Stored dataset items:
- - -

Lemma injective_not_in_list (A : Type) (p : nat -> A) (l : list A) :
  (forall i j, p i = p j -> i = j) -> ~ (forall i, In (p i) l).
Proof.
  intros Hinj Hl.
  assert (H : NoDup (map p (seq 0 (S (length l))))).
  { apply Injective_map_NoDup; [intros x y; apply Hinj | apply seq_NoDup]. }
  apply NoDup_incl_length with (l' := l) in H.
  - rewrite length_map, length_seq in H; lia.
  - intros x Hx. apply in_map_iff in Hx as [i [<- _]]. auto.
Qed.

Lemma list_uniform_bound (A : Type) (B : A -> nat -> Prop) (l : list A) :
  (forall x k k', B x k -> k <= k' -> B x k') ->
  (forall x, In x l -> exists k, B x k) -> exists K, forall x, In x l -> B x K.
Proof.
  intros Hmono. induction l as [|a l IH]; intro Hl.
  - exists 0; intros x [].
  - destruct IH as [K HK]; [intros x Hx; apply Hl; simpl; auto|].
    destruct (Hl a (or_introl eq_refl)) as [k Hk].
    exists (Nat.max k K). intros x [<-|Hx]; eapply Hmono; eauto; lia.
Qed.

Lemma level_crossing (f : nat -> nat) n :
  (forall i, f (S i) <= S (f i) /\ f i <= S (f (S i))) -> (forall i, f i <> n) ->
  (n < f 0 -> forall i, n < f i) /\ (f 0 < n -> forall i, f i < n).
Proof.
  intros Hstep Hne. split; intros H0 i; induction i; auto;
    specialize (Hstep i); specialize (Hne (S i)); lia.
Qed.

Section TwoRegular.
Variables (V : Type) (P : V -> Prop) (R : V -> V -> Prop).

- - -

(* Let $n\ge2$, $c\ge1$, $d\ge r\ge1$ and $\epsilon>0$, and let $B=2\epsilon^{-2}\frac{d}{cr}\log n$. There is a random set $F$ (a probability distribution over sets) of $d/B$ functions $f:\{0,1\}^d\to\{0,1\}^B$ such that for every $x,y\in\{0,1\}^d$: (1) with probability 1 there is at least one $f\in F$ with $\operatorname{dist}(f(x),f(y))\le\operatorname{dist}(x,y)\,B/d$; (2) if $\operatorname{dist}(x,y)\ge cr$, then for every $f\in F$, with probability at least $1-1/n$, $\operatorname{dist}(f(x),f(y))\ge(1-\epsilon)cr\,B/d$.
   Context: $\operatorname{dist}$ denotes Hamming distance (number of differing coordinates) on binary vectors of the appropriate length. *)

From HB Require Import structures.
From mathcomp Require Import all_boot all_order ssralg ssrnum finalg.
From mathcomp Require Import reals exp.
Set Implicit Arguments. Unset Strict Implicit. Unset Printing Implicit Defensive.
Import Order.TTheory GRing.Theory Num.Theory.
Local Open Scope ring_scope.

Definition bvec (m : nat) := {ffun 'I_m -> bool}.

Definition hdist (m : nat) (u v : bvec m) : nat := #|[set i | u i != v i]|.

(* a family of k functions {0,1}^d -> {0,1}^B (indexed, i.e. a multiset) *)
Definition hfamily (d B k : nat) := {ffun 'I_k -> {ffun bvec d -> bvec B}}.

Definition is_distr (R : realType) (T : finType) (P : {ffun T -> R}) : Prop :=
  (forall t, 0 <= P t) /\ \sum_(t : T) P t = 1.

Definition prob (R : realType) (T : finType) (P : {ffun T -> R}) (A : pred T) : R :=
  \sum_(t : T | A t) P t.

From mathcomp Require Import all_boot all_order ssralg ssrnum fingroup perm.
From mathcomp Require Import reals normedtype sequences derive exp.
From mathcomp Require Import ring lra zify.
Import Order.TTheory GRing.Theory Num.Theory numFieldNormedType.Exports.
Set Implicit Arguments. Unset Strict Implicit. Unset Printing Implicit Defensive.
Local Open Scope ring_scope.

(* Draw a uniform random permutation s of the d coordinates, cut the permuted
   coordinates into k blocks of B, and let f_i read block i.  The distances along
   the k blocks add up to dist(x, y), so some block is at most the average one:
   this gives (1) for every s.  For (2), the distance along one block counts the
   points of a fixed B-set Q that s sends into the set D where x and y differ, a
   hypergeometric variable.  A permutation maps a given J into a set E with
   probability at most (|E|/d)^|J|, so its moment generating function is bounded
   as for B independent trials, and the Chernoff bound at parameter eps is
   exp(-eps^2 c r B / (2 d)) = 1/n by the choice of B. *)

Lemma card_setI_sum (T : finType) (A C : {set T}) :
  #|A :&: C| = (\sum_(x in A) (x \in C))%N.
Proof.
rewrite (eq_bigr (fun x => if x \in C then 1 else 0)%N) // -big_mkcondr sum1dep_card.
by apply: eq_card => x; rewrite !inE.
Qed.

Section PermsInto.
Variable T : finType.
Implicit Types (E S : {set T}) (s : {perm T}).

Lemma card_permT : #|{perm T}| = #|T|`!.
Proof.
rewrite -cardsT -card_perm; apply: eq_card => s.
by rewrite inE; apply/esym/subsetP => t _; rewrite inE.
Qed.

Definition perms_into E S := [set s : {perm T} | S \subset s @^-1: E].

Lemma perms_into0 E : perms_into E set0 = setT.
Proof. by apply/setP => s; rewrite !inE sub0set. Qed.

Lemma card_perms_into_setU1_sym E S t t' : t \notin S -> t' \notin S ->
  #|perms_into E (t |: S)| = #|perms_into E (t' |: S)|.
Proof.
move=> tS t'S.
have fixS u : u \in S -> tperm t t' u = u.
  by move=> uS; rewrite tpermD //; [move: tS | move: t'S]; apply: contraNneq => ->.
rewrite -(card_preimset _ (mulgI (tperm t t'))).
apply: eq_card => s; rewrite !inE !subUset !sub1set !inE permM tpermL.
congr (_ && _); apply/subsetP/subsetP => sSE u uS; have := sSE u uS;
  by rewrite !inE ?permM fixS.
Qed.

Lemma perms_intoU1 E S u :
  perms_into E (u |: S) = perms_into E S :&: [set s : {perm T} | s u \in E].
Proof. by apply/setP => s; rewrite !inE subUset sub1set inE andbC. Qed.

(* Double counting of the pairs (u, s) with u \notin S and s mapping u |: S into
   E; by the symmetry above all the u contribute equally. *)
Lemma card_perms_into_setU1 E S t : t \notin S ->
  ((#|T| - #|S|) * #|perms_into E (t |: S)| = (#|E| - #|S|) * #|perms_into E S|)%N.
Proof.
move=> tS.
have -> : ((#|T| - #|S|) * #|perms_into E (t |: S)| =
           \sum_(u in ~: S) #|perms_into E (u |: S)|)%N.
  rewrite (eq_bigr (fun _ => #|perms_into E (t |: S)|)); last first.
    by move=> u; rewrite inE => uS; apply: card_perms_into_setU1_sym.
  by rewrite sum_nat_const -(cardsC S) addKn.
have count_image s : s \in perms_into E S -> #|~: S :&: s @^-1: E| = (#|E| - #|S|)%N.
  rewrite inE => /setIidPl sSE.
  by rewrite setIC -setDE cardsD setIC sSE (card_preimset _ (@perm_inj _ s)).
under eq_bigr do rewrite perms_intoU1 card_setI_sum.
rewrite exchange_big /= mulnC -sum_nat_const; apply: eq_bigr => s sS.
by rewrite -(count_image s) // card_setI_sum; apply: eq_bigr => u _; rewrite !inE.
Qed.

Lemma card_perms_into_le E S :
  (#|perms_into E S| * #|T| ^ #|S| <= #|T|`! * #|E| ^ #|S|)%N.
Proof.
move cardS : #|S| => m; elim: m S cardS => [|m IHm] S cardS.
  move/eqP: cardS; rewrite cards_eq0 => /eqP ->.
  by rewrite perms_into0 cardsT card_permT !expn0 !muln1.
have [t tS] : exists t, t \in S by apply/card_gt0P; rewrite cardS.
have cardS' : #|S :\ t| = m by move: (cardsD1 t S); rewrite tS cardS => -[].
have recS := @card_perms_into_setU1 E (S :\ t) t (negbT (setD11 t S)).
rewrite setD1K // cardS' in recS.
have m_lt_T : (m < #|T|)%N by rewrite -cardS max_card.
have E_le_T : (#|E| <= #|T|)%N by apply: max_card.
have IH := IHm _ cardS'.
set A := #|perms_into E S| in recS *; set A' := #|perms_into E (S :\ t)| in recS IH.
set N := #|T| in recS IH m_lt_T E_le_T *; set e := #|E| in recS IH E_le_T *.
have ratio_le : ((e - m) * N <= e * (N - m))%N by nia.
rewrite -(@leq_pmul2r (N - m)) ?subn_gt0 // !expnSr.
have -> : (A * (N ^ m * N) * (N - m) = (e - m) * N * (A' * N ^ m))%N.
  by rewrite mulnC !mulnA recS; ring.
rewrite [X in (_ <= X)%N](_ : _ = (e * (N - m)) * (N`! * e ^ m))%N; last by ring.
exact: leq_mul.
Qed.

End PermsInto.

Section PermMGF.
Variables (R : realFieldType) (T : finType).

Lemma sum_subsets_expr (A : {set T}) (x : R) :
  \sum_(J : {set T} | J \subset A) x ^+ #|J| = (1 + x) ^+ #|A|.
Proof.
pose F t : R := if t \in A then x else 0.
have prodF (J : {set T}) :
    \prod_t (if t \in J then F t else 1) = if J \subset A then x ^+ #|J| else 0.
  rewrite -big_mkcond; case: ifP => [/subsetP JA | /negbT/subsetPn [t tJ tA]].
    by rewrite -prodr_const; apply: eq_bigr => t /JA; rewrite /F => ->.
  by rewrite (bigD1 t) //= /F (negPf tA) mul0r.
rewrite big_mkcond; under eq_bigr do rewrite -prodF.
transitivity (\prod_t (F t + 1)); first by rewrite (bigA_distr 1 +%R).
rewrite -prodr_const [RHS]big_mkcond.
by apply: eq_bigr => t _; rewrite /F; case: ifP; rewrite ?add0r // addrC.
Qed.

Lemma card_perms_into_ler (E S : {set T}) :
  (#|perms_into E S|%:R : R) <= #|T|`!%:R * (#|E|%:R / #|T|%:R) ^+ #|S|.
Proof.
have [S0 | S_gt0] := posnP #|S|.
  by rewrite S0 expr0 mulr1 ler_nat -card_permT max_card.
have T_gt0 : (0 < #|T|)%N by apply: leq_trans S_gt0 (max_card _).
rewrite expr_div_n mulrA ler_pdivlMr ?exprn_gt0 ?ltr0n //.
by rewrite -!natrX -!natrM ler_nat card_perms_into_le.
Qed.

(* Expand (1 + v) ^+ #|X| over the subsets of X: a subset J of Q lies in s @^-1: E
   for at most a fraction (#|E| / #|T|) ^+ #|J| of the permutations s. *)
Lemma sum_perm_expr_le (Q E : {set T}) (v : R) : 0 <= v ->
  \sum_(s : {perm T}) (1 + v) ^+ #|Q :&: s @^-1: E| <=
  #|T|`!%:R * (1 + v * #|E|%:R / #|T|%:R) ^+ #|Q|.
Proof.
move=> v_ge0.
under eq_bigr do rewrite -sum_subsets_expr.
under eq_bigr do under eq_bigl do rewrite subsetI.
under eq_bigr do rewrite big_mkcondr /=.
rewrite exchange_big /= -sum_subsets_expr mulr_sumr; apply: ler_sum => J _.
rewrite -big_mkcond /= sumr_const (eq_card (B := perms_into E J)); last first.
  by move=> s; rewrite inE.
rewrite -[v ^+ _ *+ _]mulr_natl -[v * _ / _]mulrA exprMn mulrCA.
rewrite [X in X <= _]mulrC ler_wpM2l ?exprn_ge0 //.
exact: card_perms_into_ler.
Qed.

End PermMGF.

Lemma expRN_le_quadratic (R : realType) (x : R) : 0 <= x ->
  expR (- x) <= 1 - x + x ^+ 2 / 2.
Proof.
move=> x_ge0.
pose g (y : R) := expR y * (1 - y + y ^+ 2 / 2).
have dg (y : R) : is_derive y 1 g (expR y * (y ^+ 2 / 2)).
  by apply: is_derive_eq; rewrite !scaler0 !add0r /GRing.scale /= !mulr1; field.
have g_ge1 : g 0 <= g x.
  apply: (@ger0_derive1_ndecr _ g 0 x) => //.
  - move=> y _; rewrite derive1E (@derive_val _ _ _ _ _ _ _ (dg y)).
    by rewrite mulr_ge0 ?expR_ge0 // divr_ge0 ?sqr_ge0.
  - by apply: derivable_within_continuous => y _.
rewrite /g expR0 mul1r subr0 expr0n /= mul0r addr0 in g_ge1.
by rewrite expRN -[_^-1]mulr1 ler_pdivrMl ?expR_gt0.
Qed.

- - -

WORK INSTRUCTION:
In the data above, count the lines where the word "cardsT" appears; reply with the number only.

TASK RESULT:
2